Does the constraints file contain --require-hashes?

notatallshaw avatar Aug 28 '24 23:08 notatallshaw

Yes

On Wed, Aug 28, 2024, 7:18 PM Damian Shaw @.***> wrote:

Does the constraints file contain --require-hashes?

— Reply to this email directly, view it on GitHub https://github.com/pypa/pip/issues/12942#issuecomment-2316395523, or unsubscribe https://github.com/notifications/unsubscribe-auth/AAAAGBGQDUMASKHYXPZC4RTZTZLDBAVCNFSM6AAAAABNIEIQSSVHI2DSMVQWIX3LMV43OSLTON2WKQ3PNVWWK3TUHMZDGMJWGM4TKNJSGM . You are receiving this because you authored the thread.Message ID: @.***>

alex avatar Aug 28 '24 23:08 alex

Sorry, to be more precise, the constraints file contains hashes. It doesn't have --require-hashes, but I believe those are equivalent.

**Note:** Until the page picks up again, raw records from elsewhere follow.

(** A bounded solution G of the fixed-point equation
      G(m,n) = min(A, a G(m+1,n) + b G(m,n+1) + D(m,n)),   a, b >= 0, a + b < 1,
    with D nondecreasing in each coordinate, is itself nondecreasing in each
    coordinate: its possible decreases contract by the factor a + b. *)
Section MinFixedPoint.

Variables (G D : nat -> nat -> R) (A a b : R).

Local Notation rhs m n := (a * G (S m) n + b * G m (S n) + D m n).

Hypotheses (Ha : 0 <= a) (Hb : 0 <= b) (Hab : a + b < 1)
           (HD : forall m n, D m n <= D (S m) n /\ D m n <= D m (S n))
           (HG : forall m n, 0 <= G m n <= A)
           (Hfix : forall m n, G m n = Rmin A (rhs m n)).

Lemma fixed_point_increments (k : nat) : forall m n,
  G m n - G (S m) n <= (a + b) ^ k * A /\ G m n - G m (S n) <= (a + b) ^ k * A.
Proof.
  induction k as [|k IH]; intros m n.
  - simpl. pose proof (HG m n); pose proof (HG (S m) n); pose proof (HG m (S n)). lra.
  - assert (Hk : 0 <= (a + b) ^ k * A)
      by (apply Rmult_le_pos; [apply pow_le; lra | pose proof (HG m n); lra]).
    change ((a + b) ^ S k) with ((a + b) * (a + b) ^ k).
    assert (0 <= (a + b) * (a + b) ^ k * A) by (rewrite Rmult_assoc; apply Rmult_le_pos; lra).
    destruct (IH (S m) n) as [X1 X2]; destruct (IH m (S n)) as [Y1 Y2].
    destruct (HD m n) as [D1 D2].
    pose proof (Rmin_diff_le A (rhs m n) (rhs (S m) n) ((a + b) * (a + b) ^ k * A)) as Step1.
    pose proof (Rmin_diff_le A (rhs m n) (rhs m (S n)) ((a + b) * (a + b) ^ k * A)) as Step2.
    rewrite <- !Hfix in Step1, Step2.
    split; [apply Step1 | apply Step2]; auto.
    + pose proof (Rmult_le_compat_l a _ _ Ha X1); pose proof (Rmult_le_compat_l b _ _ Hb Y1). lra.
    + pose proof (Rmult_le_compat_l a _ _ Ha X2); pose proof (Rmult_le_compat_l b _ _ Hb Y2). lra.
Qed.

Lemma fixed_point_nondecreasing (m n : nat) : G m n <= G (S m) n /\ G m n <= G m (S n).
Proof.
  assert (Hc : 0 <= a + b < 1) by lra.
  split; [assert (G m n - G (S m) n <= 0) | assert (G m n - G m (S n) <= 0)]; try lra;
    apply (le_of_geometric_bound (a + b) A); auto; intros k; apply fixed_point_increments.
Qed.

Lemma fixed_point_rhs_nondecreasing (m n : nat) : rhs m n <= rhs (S m) n /\ rhs m n <= rhs m (S n).
Proof.
  destruct (HD m n) as [D1 D2].
  destruct (fixed_point_nondecreasing (S m) n) as [X1 X2].
  destruct (fixed_point_nondecreasing m (S n)) as [Y1 Y2].
  split.
  - pose proof (Rmult_le_compat_l a _ _ Ha X1); pose proof (Rmult_le_compat_l b _ _ Hb Y1). lra.
  - pose proof (Rmult_le_compat_l a _ _ Ha X2); pose proof (Rmult_le_compat_l b _ _ Hb Y2). lra.
Qed.

End MinFixedPoint.

Lemma propagates_along_rays (P : nat -> nat -> Prop) :
  (forall m n, P m n -> P (S m) n /\ P m (S n)) ->
  forall m n k, P m n -> P (m + k)%nat n /\ P m (n + k)%nat.
Proof.
  intros Hstep m n k HP. split; induction k as [|k IH];
    rewrite ?Nat.add_0_r, ?Nat.add_succ_r; auto; apply Hstep, IH.
Qed.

alex avatar Aug 29 '24 19:08 alex

Is it possible to have a self-contained reprod?

uranusjr avatar Aug 30 '24 03:08 uranusjr

(tempenv-6e562856703b6) ~/.v/tempenv-6e562856703b6 ❯❯❯ pip download --no-binary :all: --no-deps pretend
Collecting pretend
  File was already downloaded /Users/alex_gaynor/.virtualenvs/tempenv-6e562856703b6/pretend-1.0.9.tar.gz
  Installing build dependencies ... done
  Getting requirements to build wheel ... done
  Preparing metadata (pyproject.toml) ... done
Successfully downloaded pretend
(tempenv-6e562856703b6) ~/.v/tempenv-6e562856703b6 ❯❯❯ pip wheel --require-hashes ./pretend-1.0.9.tar.gz
Processing ./pretend-1.0.9.tar.gz
  File was already downloaded /Users/alex_gaynor/.virtualenvs/tempenv-6e562856703b6/pretend-1.0.9.tar.gz
ERROR: Hashes are required in --require-hashes mode, but they are missing from some requirements. Here is a list of those requirements along with the hashes their downloaded archives actually had. Add lines like these to your requirements files to prevent tampering. (If you did not enable --require-hashes manually, note that it turns on automatically when any package has a hash.)
    file:///Users/alex_gaynor/.virtualenvs/tempenv-6e562856703b6/pretend-1.0.9.tar.gz --hash=sha256:c90eb810cde8ebb06dafcb8796f9a95228ce796531bc806e794c2f4649aa1b10

alex avatar Aug 30 '24 03:08 alex

pip wheel --require-hashes ./pretend-1.0.9.tar.gz

In this case the local sdist does not have a hash, so pip’s complaint is not groundless (whether a local sdist needs a hash is another question). I thought in the original issue the local sdist does have a hash but pip fails to recognise it?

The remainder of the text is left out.